Now, I (as the hypothetical Bad Guy) know enough about nanotechical design to remove all the standard safe-guards and environmental dependencies. But I'm not a Mechanical Engineer, Chemical Engineer, Nuclear Physisct[sic], et al, I only know how to work with nanobots. And that means I don't know how to make them resistant to the wide variety of defenses that might be employed in the future. So what do I do?
Enter Evolvable Hardware.
No, my little minions of evil don't have to have any intelligence at all, they merely have to be able to make random changes in themselves and be able to evaluate those changes in regards to a given set of hostile conditions.
Problem solved, world go BOOM!
No, not that easily, but the concepts needed to really unleash a little hell on earth already exist and are being researched. -
Re:Too many old sci-fi novels?Dependent on tools we don't understand? I thought we were at that stage a long time ago.

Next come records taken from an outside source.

(* Let $d\ge1$, $K\ge2$, $n\ge1$ be such that no Softmax Code in $\mathrm{OB}(d,K)$ has a rattler and no solution of the Tammes problem in $\mathrm{OB}(d,K)$ has a rattler. Then the following are equivalent: (a) every optimal solution $(\mathbf W^\star,\mathbf H^\star)$ of $\min_{\mathbf W\in\mathrm{OB}(d,K),\mathbf H\in\mathrm{OB}(d,nK)}\mathcal L_{\mathrm{HardMax}}(\mathbf W,\mathbf H)$ satisfies $\mathbf h_{k,i}^\star=\mathbf w_k^\star$ for all $i\in[n]$, $k\in[K]$; (b) $\operatorname{argmax}_{\mathbf W\in\mathrm{OB}(d,K)}\rho_{\text{one-vs-rest}}(\mathbf W)=\operatorname{argmax}_{\mathbf W\in\mathrm{OB}(d,K)}\rho_{\text{one-vs-one}}(\mathbf W)$.
   Context: $\mathrm{OB}(d,m)$ is the set of real $d\times m$ matrices with unit-norm columns; $\mathbf W$ has columns $\mathbf w_k$, $\mathbf H$ has columns $\mathbf h_{k,i}$. $\mathcal L_{\mathrm{HardMax}}(\mathbf W,\mathbf H)=\max_k\max_i\max_{k'\ne k}\langle\mathbf w_{k'}-\mathbf w_k,\mathbf h_{k,i}\rangle$. $\operatorname{dist}(\mathbf v,\mathcal W)=\inf\{\|\mathbf v-\mathbf w\|_2:\mathbf w\in\operatorname{conv}(\mathcal W)\}$. $\rho_{\text{one-vs-rest}}(\mathbf W)=\min_k\operatorname{dist}(\mathbf w_k,\{\mathbf w_j\}_{j\ne k})$; a Softmax Code is a maximizer of it over $\mathrm{OB}(d,K)$, and a rattler of it is an index $k$ with $\operatorname{dist}(\mathbf w_k,\{\mathbf w_j\}_{j\ne k})\ne\rho_{\text{one-vs-rest}}(\mathbf W)$. $\rho_{\text{one-vs-one}}(\mathbf W)=\min_k\min_{k'\ne k}\|\mathbf w_k-\mathbf w_{k'}\|_2$; the Tammes problem is maximizing $\rho_{\text{one-vs-one}}$ over $\mathrm{OB}(d,K)$, and a rattler of a Tammes solution $\mathbf W$ is an index $k$ with $\min_{k'\ne k}\|\mathbf w_k-\mathbf w_{k'}\|_2\ne\rho_{\text{one-vs-one}}(\mathbf W)$. *)

From HB Require Import structures.
From mathcomp Require Import all_boot all_order all_algebra.
From mathcomp Require Import classical_sets reals.
Set Implicit Arguments. Unset Strict Implicit. Unset Printing Implicit Defensive.
Import Order.TTheory GRing.Theory Num.Theory.
Local Open Scope classical_set_scope.
Local Open Scope ring_scope.
(* Let $\mathcal{F}$ be a linear $3$-uniform family and let $\mathcal{M}$ be a maximum matching of $\mathcal{F}$. If $A,B,C$ are three distinct members of $\mathcal{M}$ and $|D_2(A,B)|=8$, then $|D_2(A,C)|+|D_2(B,C)|\leq 12$.
   Context: A family is a finite collection of distinct subsets of a vertex set; $3$-uniform means every member has exactly $3$ elements and linear means any two distinct members share at most one vertex. A matching is a collection of pairwise disjoint members; a maximum matching is one of largest possible size. $X_{\mathcal{M}}=\bigcup_{A\in\mathcal{M}}A$, $D_2(\mathcal{F})=\{E\in\mathcal{F}:|E\cap X_{\mathcal{M}}|=2\}$, and for $A,B\in\mathcal{M}$, $D_2(A,B)=\{E\in D_2(\mathcal{F}): E\cap A\neq\emptyset,\ E\cap B\neq\emptyset\}$. *)

From mathcomp Require Import all_boot.
Set Implicit Arguments. Unset Strict Implicit. Unset Printing Implicit Defensive.

Section Defs.
Variable T : finType.

Definition uniform3 (F : {set {set T}}) : Prop :=
  forall E, E \in F -> #|E| = 3.

Definition linear_family (F : {set {set T}}) : Prop :=
  forall E1 E2, E1 \in F -> E2 \in F -> E1 != E2 -> #|E1 :&: E2| <= 1.

Definition is_matching (F M : {set {set T}}) : Prop :=
  M \subset F /\
  forall A B, A \in M -> B \in M -> A != B -> [disjoint A & B].

Definition is_maximum_matching (F M : {set {set T}}) : Prop :=
  is_matching F M /\ forall M', is_matching F M' -> #|M'| <= #|M|.

Definition XM (M : {set {set T}}) : {set T} := \bigcup_(A in M) A.

Definition D2 (F M : {set {set T}}) : {set {set T}} :=
  [set E in F | #|E :&: XM M| == 2].

Definition D2AB (F M : {set {set T}}) (A B : {set T}) : {set {set T}} :=
  [set E in D2 F M | (E :&: A != set0) && (E :&: B != set0)].

End Defs.

From mathcomp Require Import all_boot zify.
Set Implicit Arguments. Unset Strict Implicit. Unset Printing Implicit Defensive.

(* A member of D2(P, Q) is determined by its two vertices in X_M (linearity),
   so |D2(P, Q)| <= 9, and |D2(A, B)| = 8 means that all pairs of A x B but one
   are covered.  Suppose moreover that |D2(A, C)| >= 7 and that D2(B, C) has a
   member.  Label the vertices of A, B, C by 0..8 and view these members as
   edges between labels, coloured by their vertex outside X_M.  Edges sharing a
   labelled vertex get different colours (linearity), and there can be neither
   three pairwise disjoint edges inside two members of M nor four inside A, B,
   C, since these would give a larger matching.  An exhaustive search over all
   colourings up to renaming, checked by computation, shows that these
   constraints cannot be met.  So |D2(A, C)| >= 7 forces D2(B, C) = set0, and
   symmetrically, which gives the bound 12. *)

Lemma pairwise_in_sym (X : eqType) (r : rel X) (s : seq X) :
  symmetric r -> pairwise r s -> {in s &, forall x y, x != y -> r x y}.
Proof.
move=> rS; elim: s => //= x s IH /andP[/allP rx ps] y z; rewrite !inE.
case/orP => [/eqP-> | ys] /orP[/eqP-> | zs] yz; rewrite ?eqxx // in yz.
- exact: rx z zs.
- by rewrite rS; apply: rx y ys.
- exact: IH ps y z ys zs yz.
Qed.

Lemma sorted_pair_eq (p q : nat * nat) : p.1 < p.2 -> q.1 < q.2 ->
  (p.1 == q.1) || (p.1 == q.2) -> (p.2 == q.1) || (p.2 == q.2) ->
  (q.1 == p.1) || (q.1 == p.2) -> p = q.
Proof. by case: p q => [a b] [c d] /= *; apply/eqP; rewrite xpair_eqE; lia. Qed.

Section MaximumMatching.
Variables (T : finType) (F M : {set {set T}}).
Hypotheses (F3 : uniform3 F) (linF : linear_family F)
  (maxM : is_maximum_matching F M).

Lemma matching_sub : M \subset F.
Proof. by case: maxM => -[]. Qed.

Lemma matching_disjoint D D' :
  D \in M -> D' \in M -> D != D' -> [disjoint D & D'].
Proof. by case: maxM => -[_ disjM] _; apply: disjM. Qed.

Lemma matching_eq (D D' : {set T}) x :
  D \in M -> D' \in M -> x \in D -> x \in D' -> D = D'.
Proof.
move=> DM D'M xD xD'; apply/eqP; apply: contraTT xD'.
by move=> /(matching_disjoint DM D'M)/disjointFr->.
Qed.

Lemma card_matching D : D \in M -> #|D| = 3.
Proof. by move/(subsetP matching_sub)/F3. Qed.

Lemma sub_XM D : D \in M -> D \subset XM M.
Proof. exact: bigcup_sup. Qed.

Lemma maximum_matching_exchange (N S : {set {set T}}) :
  N \subset M -> S \subset F -> set0 \notin S ->
  {in S &, forall s1 s2 : {set T}, s1 != s2 -> [disjoint s1 & s2]} ->
  {in S & M :\: N, forall s D : {set T}, [disjoint s & D]} ->
  #|S| <= #|N|.
Proof.
move=> sNM sSF S0 disjS disjSM.
have matchingS : is_matching F ((M :\: N) :|: S).
  split; first by rewrite subUset sSF (subset_trans (subsetDl M N) matching_sub).
  move=> P Q; rewrite !in_setU => /orP[PMN|PS] /orP[QMN|QS] PQ.
  - by apply: matching_disjoint PQ; apply: (subsetP (subsetDl M N)).
  - by rewrite disjoint_sym; apply: disjSM.
  - exact: disjSM.
  - exact: disjS.
have disjMS : [disjoint M :\: N & S].
  apply/pred0P => s /=; apply/negP => /andP[sMN sS].
  have := disjSM s s sS sMN; rewrite -setI_eq0 setIid => /eqP s0.
  by rewrite -s0 sS in S0.
have := maxM.2 _ matchingS.
rewrite cardsU (disjoint_setI0 disjMS) cards0 subn0 cardsD (setIidPr sNM).
have := subset_leq_card sNM; lia.
Qed.

Lemma linear_eq E1 E2 x y : E1 \in F -> E2 \in F -> x != y ->
  x \in E1 -> y \in E1 -> x \in E2 -> y \in E2 -> E1 = E2.
Proof.
move=> F1 F2 xy x1 y1 x2 y2; case: (eqVneq E1 E2) => // /(linF F1 F2).
have : [set x; y] \subset E1 :&: E2.
  by apply/subsetP => z; rewrite !inE => /orP[]/eqP->; apply/andP.
by move/subset_leq_card; rewrite cards2 xy => /leq_trans/[apply].
Qed.

Lemma D2_shape E x y : E \in D2 F M -> x != y -> x \in E -> y \in E ->
  x \in XM M -> y \in XM M ->
  E :&: XM M = [set x; y] /\ exists w, E :\: XM M = [set w].
Proof.
rewrite inE => /andP[EF /eqP EX2] xy xE yE xX yX.
have EX : E :&: XM M = [set x; y].
  apply/esym/eqP; rewrite eqEcard cards2 xy EX2 leqnn andbT.
  by apply/subsetP => z; rewrite !inE => /orP[]/eqP->; apply/andP.
split=> //; apply/cards1P.
by have := cardsID (XM M) E; rewrite (F3 EF) EX2; lia.
Qed.

Definition D2_covers (x y : T) := [exists E in D2 F M, (x \in E) && (y \in E)].

Definition D2_edge (p : T * T) :=
  odflt set0 [pick E in D2 F M | (p.1 \in E) && (p.2 \in E)].

Lemma D2_edgeP x y : D2_covers x y ->
  [/\ D2_edge (x, y) \in D2 F M, x \in D2_edge (x, y) & y \in D2_edge (x, y)].
Proof.
rewrite /D2_edge; case: pickP => [E /andP[ED /andP[xE yE]] //| none].
by case/existsP => E /andP[ED xyE]; have := none E; rewrite ED xyE.
Qed.

Lemma D2_edge_eq E x y : E \in D2 F M -> x != y -> x \in E -> y \in E ->
  D2_edge (x, y) = E.
Proof.
move=> ED xy xE yE.
have cov : D2_covers x y by apply/existsP; exists E; rewrite ED xE yE.
have [eD xe ye] := D2_edgeP cov.
by move: eD ED; rewrite !inE => /andP[eF _] /andP[EF _]; apply: (linear_eq eF EF xy).
Qed.

Lemma card_D2AB_le P Q : P \in M -> Q \in M -> P != Q ->
  #|D2AB F M P Q| <= #|[set p in setX P Q | D2_covers p.1 p.2]|.
Proof.
move=> PM QM PQ; apply: leq_trans (leq_imset_card D2_edge _).
apply/subset_leq_card/subsetP => E.
rewrite inE => /andP[ED /andP[/set0Pn[x /setIP[xE xP]] /set0Pn[y /setIP[yE yQ]]]].
have xy : x != y.
  by apply: contraNneq PQ => exy; apply/eqP; apply: (matching_eq PM QM xP); rewrite exy.
apply/imsetP; exists (x, y); last by rewrite (D2_edge_eq ED xy xE yE).
by rewrite !inE xP yQ; apply/existsP; exists E; rewrite ED xE yE.
Qed.

Lemma card_D2AB_le9 P Q : P \in M -> Q \in M -> P != Q -> #|D2AB F M P Q| <= 9.
Proof.
move=> PM QM PQ.
have sub : [set p in setX P Q | D2_covers p.1 p.2] \subset setX P Q.
  by apply/subsetP => p; rewrite inE => /andP[].
rewrite (leq_trans (card_D2AB_le PM QM PQ)) // (leq_trans (subset_leq_card sub)) //.
by rewrite cardsX !card_matching.
Qed.

Lemma D2AB8_missing_pair P Q : P \in M -> Q \in M -> P != Q ->
  #|D2AB F M P Q| = 8 ->
  exists2 p, p \in setX P Q & {in setX P Q, forall q, q != p -> D2_covers q.1 q.2}.
Proof.
move=> PM QM PQ D8.
set S := [set p in setX P Q | D2_covers p.1 p.2].
have SX : S \subset setX P Q by apply/subsetP => p; rewrite inE => /andP[].
have card_missing : #|setX P Q :\: S| <= 1.
  have := card_D2AB_le PM QM PQ; rewrite -/S cardsD (setIidPr SX) cardsX.
  by rewrite !card_matching // D8; lia.
have missingS q : q \in setX P Q -> ~~ D2_covers q.1 q.2 -> q \in setX P Q :\: S.
  by move=> qX qc; rewrite in_setD qX andbT in_set qX /= (negbTE qc).
have [p pX] : exists p, p \in setX P Q.
  by apply/card_gt0P; rewrite cardsX !card_matching.
case: (set_0Vmem (setX P Q :\: S)) => [S0|[m mS]].
  exists p => // q qX _; apply: contraT => /(missingS q qX).
  by rewrite S0 inE.
exists m; first by move: mS; rewrite inE => /andP[].
move=> q qX qm; apply: contraT => /(missingS q qX) qS.
by move/card_le1_eqP: card_missing => /(_ q m qS mS) qEm; rewrite qEm eqxx in qm.
Qed.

Different versions of the same tool may work better than others, even though nobody quite understands why.
I've seen different copies of the same version of Microsoft Office work better on different machines.
But seriously folks, hasn't this plot been discussed in a ton of old science fiction novels or star trek episodes? That computers/robots/whatever will evolve beyond our control and kill/enslave us all? Hell, Terminator had that plot.
This is just another type of evolutionary programming, which people have been playing around with for years. I've seen some interesting things come out of evolving assembly programs (Tierra Project), but you can still take a look at the code generated and work it out. For large projects that may be a monumental task (like dissasmbling Windows), but it is theoretically possible. Even if it does things in strange ways that may be difficult to understand, it is still just a big array of logic gates.
Besides, evolving systems aren't very good at making general computing systems, but can be very handy at solving specific problems. You won't see these things replacing Intel chips, they'll be much more task specific. Actually I'd be surprised if they ever made it beyond academic curiosity, it's hard to be certain of reliability if it isn't well-engineered.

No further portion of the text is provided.